В интернет не нашла такую обработку.  :(

----------


## Ssima

> Подскажите как убрать нули в кодах справочников. Встала такая проблема, раньше использовали торговлю и бухгалтерию 1с, там все коды идут с нулями впереди. Потом торговлю заменили другой программой и там уже коды идут без нулей. При выгрузке данных в бухгалтерию возникает проблема, справочники дублируются. 
> 
> Подскажите как в бухгалтерии в кодах справочников (номенклатура, контрагенты, договора контрагентов, склады и т.д.) убрать впереди когда нули?
> 
> Бухгалтерия 2.0 на пратформе 8.1 
> 
> В интернет не нашла такую обработку.  :(


в конфигураторе в справочнике длину кода изменить попробуй, или нули добавь в торговлю.

----------


## bismillyah

> в конфигураторе в справочнике длину кода изменить попробуй, или нули добавь в торговлю.

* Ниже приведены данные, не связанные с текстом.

Lemma totalcost_two_node (phi : strategy R bool unit) (t : nodefun R bool unit) :
  totalcost two_node_net phi t =
    t true tt 0%N * (phi tt 0%N true (Some false) + K * phi tt 0%N true None)
  + t true tt 1%N * (phi tt 1%N true (Some false) + K * phi tt 1%N true None)
  + t false tt 0%N * (phi tt 0%N false (Some true) + phi tt 0%N false None)
  + t false tt 1%N * (phi tt 1%N false (Some true) + phi tt 1%N false None).
Proof.
rewrite /totalcost /Fflow /Gload /= !big_bool /= !big_mkcond /= !big_bool /=.
rewrite (big_mkcond (fun j => false != j)) /= !big_bool /= !big_unit !big_ord2.
rewrite /linear_cost /=; ring.
Qed.

Lemma feasible_two_node_stage0 (phi : strategy R bool unit) :
  feasible two_node_net phi ->
  phi tt 0%N true (Some false) + phi tt 0%N true None = 1 /\
  phi tt 0%N false (Some true) + phi tt 0%N false None = 1.
Proof.
move=> [_ [phi_edge [_ phi_sum]]].
have := phi_sum tt 0%N true isT; have := phi_sum tt 0%N false isT.
rewrite !big_option !big_bool /= ?(phi_edge tt 0%N true true) ?(phi_edge tt 0%N false false) //.
move=> sum_false sum_true; split; lra.
Qed.

Lemma feasible_two_node_stage1 (phi : strategy R bool unit) :
  feasible two_node_net phi ->
  [/\ phi tt 1%N true (Some false) = 1, phi tt 1%N true None = 0,
      phi tt 1%N false (Some true) = 0 & phi tt 1%N false None = 0].
Proof.
move=> [phi01 [phi_edge [phi_last phi_sum]]].
have := phi_sum tt 1%N true isT; have := phi_sum tt 1%N false isT.
rewrite !big_option !big_bool /= ?(phi_edge tt 1%N true true) ?(phi_edge tt 1%N false false) //.
rewrite !phi_last => sum_false sum_true.
have [u1_ge0 _] := andP (phi01 tt 1%N false (Some true) isT).
have [v1_ge0 _] := andP (phi01 tt 1%N false None isT).
split; lra.
Qed.

Lemma traffic_sol_two_node (phi : strategy R bool unit) (t : nodefun R bool unit) :
  feasible two_node_net phi -> traffic_sol two_node_net phi t ->
  [/\ t true tt 0%N = t false tt 0%N * phi tt 0%N false (Some true) + 1,
      t false tt 0%N = t true tt 0%N * phi tt 0%N true (Some false),
      t true tt 1%N = t false tt 1%N * phi tt 1%N false (Some true)
                      + t true tt 0%N * phi tt 0%N true None &
      t false tt 1%N = t true tt 1%N * phi tt 1%N true (Some false)
                       + t false tt 0%N * phi tt 0%N false None].
Proof.
move=> [_ [phi_edge _]] [_ [t_stage0 t_stage1]].
have noloop k i : (k <= 1)%N -> phi tt k i (Some i) = 0.
  by move=> k_le1; apply: phi_edge; rewrite //= eqxx.
have := t_stage0 true tt; have := t_stage0 false tt.
have := t_stage1 true tt 0%N isT; have := t_stage1 false tt 0%N isT.
rewrite !big_bool /= !noloop //= !mulr0 !add0r !addr0.
by move=> y1 x1 y0 x0; split.
Qed.

Lemma totalcost_ge2 (phi : strategy R bool unit) (t : nodefun R bool unit) :
  feasible two_node_net phi -> traffic_sol two_node_net phi t ->
  2 <= totalcost two_node_net phi t.
Proof.
move=> feas tsol; have [phi01 _] := feas; have [t_ge0 _] := tsol.
have [sum_true sum_false] := feasible_two_node_stage0 feas.
have [x0 y0 x1 _] := traffic_sol_two_node feas tsol.
rewrite totalcost_two_node.
have [p1 q1 u1 v1] := feasible_two_node_stage1 feas.
rewrite p1 q1 u1 v1 in x1 *.
set X0 := t true tt 0%N in x0 y0 x1 *; set Y0 := t false tt 0%N in x0 y0 x1 *.
set p := phi tt 0%N true (Some false) in sum_true y0 *.
set q := phi tt 0%N true None in sum_true x1 *.
have X0_ge0 : 0 <= X0 by apply: t_ge0.
have Y0_ge0 : 0 <= Y0 by apply: t_ge0.
have [q_ge0 _] := andP (phi01 tt 0%N true None isT).
have [u_ge0 _] := andP (phi01 tt 0%N false (Some true) isT).
have X0_ge1 : 1 <= X0 by rewrite x0 lerDr mulr_ge0.
have Kq_ge_q : X0 * q <= X0 * (K * q).
  by rewrite ler_wpM2l // ler_peMl //; apply: ltW.
rewrite sum_false x1 y0 (_ : p = 1 - q); last by lra.
nra.
Qed.

Definition phi_local : strategy R bool unit := fun _ k i j =>
  match k, i, j with
  | 0%N, true, None | 0%N, false, Some true | 1%N, true, Some false => 1
  | _, _, _ => 0
  end.

Definition t_local : nodefun R bool unit := fun i _ k =>
  match k, i with 0%N, false => 0 | _, _ => 1 end.

Definition m_local : nodefun R bool unit := fun i _ k =>
  match k, i with
  | 0%N, true => K + 1 | 0%N, false => K + 2 | 1%N, true => 1 | _, _ => 0
  end.

Definition phi_offload : strategy R bool unit := fun _ k i j =>
  match k, i, j with
  | 0%N, true, Some false | 0%N, false, None | 1%N, true, Some false => 1
  | _, _, _ => 0
  end.

Definition t_offload : nodefun R bool unit := fun i _ k =>
  match k, i with 1%N, true => 0 | _, _ => 1 end.

Lemma feasible_local : feasible two_node_net phi_local.
Proof.
split; first by move=> a [|[|k]] [] [[]|] //= _; lra.
split; first by move=> a [|[|k]] [] [].
split; first by move=> a [].
by move=> a [|[|k]] [] //= _; rewrite big_option big_bool /=; lra.
Qed.

Lemma feasible_offload : feasible two_node_net phi_offload.
Proof.
split; first by move=> a [|[|k]] [] [[]|] //= _; lra.
split; first by move=> a [|[|k]] [] [].
split; first by move=> a [].
by move=> a [|[|k]] [] //= _; rewrite big_option big_bool /=; lra.
Qed.

Lemma traffic_sol_local : traffic_sol two_node_net phi_local t_local.
Proof.
split; first by move=> [] a [|[|k]] //= _; lra.
split; first by move=> [] a; rewrite big_bool /=; lra.
by move=> [] a [|k] //= _; rewrite big_bool /=; lra.
Qed.

Lemma traffic_sol_offload : traffic_sol two_node_net phi_offload t_offload.
Proof.
split; first by move=> [] a [|[|k]] //= _; lra.
split; first by move=> [] a; rewrite big_bool /=; lra.
by move=> [] a [|k] //= _; rewrite big_bool /=; lra.
Qed.

Lemma traffic_unique_local : traffic_unique two_node_net phi_local t_local.
Proof.
move=> t tsol i [] k k_le1.
have [/= x0 y0 x1 y1] := traffic_sol_two_node feasible_local tsol.
by case: i; case: k k_le1 => [|[|k]] //= _; lra.
Qed.

Lemma marginal_sol_local : marginal_sol two_node_net phi_local t_local m_local.
Proof.
split; first by [].
split; first by move=> [] [] /=; rewrite big_bool /= ?derive1_linear_cost; lra.
by move=> [] [] [|k] //= _; rewrite big_bool /= ?derive1_linear_cost; lra.
Qed.

Lemma marginal_unique_local : marginal_unique two_node_net phi_local t_local m_local.
Proof.
move=> m [m_dest [m_last m_stage]] i [] k k_le1.
have := m_dest tt; have := m_last true tt.
have := m_stage true tt 0%N isT; have := m_stage false tt 0%N isT.
rewrite /= !big_bool /= ?derive1_linear_cost => y0 x0 x1 y1.
by case: i; case: k k_le1 => [|[|k]] //= _; lra.
Qed.

Lemma KKT_local : KKT two_node_net phi_local t_local m_local.
Proof.
move=> [] [|[|k]] i j //= _; case: i; case: j => [[]|];
  (split; [move=> phi_gt0 | move=> _; exact: bigmin_le]);
  try by move: phi_gt0; rewrite /= ltxx.
all: apply/eqP; rewrite eq_le bigmin_le andbT.
all: apply: le_bigmin => [|j' _]; first by rewrite leey.
all: case: j' => [[]|]; rewrite /dTdphi /= ?derive1_linear_cost ?leey ?lee_fin //; lra.
Qed.

Lemma totalcost_local : totalcost two_node_net phi_local t_local = 1 + K.
Proof. by rewrite totalcost_two_node /=; lra. Qed.

Lemma totalcost_offload : totalcost two_node_net phi_offload t_offload = 2.
Proof. by rewrite totalcost_two_node /=; lra. Qed.

Lemma global_opt_offload : global_opt two_node_net phi_offload t_offload.
Proof.
split; first exact: feasible_offload.
split; first exact: traffic_sol_offload.
by move=> phi t feas tsol; rewrite totalcost_offload; apply: totalcost_ge2.
Qed.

Я посмотрела там, именно где правиться длинна кода не нашла. Не подскажете более подробно?

----------


## Kasay

А может сделать уникальность номеров в одной системе, например с помощью префикса?

----------


## bismillyah

Не поняла немного? У нас например и там и там номенклатура идентична, кроме того что в одной код с нулями а в другой без нулей. Но нам нужно чтобы они были связаны. Если в одной добавить префикс все равно ведь будет дубликат без префикса.

----------


## CyberNut

> Не поняла немного? У нас например и там и там номенклатура идентична, кроме того что в одной код с нулями а в другой без нулей. Но нам нужно чтобы они были связаны. Если в одной добавить префикс все равно ведь будет дубликат без префикса.


Правильней будет в Вашей новой торговой программе подкорректировать механизм выгрузки так, чтобы с кодам справочников добавлялось необходимое количество нулей.

----------


## bismillyah

> Правильней будет в Вашей новой торговой программе подкорректировать механизм выгрузки так, чтобы с кодам справочников добавлялось необходимое количество нулей.


Да понимаю. Но я не программист сама не знаю как это сделать. Можете подсказать что где изменить? выгрузка из Далиона нужна.

----------


## CyberNut

> Да понимаю. Но я не программист сама не знаю как это сделать. Можете подсказать что где изменить? выгрузка из Далиона нужна.


Насколько я понимаю, "Далион" - это конфигурация на базе 1С. Значит изменять нужно правила обмена по которым вы обмениваетесь между конфигурациями.
Если сможете прислать файл правил обмена и файл описания метаданных конфигурации Далиона, то, возможно, я смогу вам помочь.

----------


## bismillyah

> Насколько я понимаю, "Далион" - это конфигурация на базе 1С. Значит изменять нужно правила обмена по которым вы обмениваетесь между конфигурациями.
> Если сможете прислать файл правил обмена и файл описания метаданных конфигурации Далиона, то, возможно, я смогу вам помочь.


файл описания метаданных конфигурации - где взять? как он называется?

----------


## CyberNut

> файл описания метаданных конфигурации - где взять? как он называется?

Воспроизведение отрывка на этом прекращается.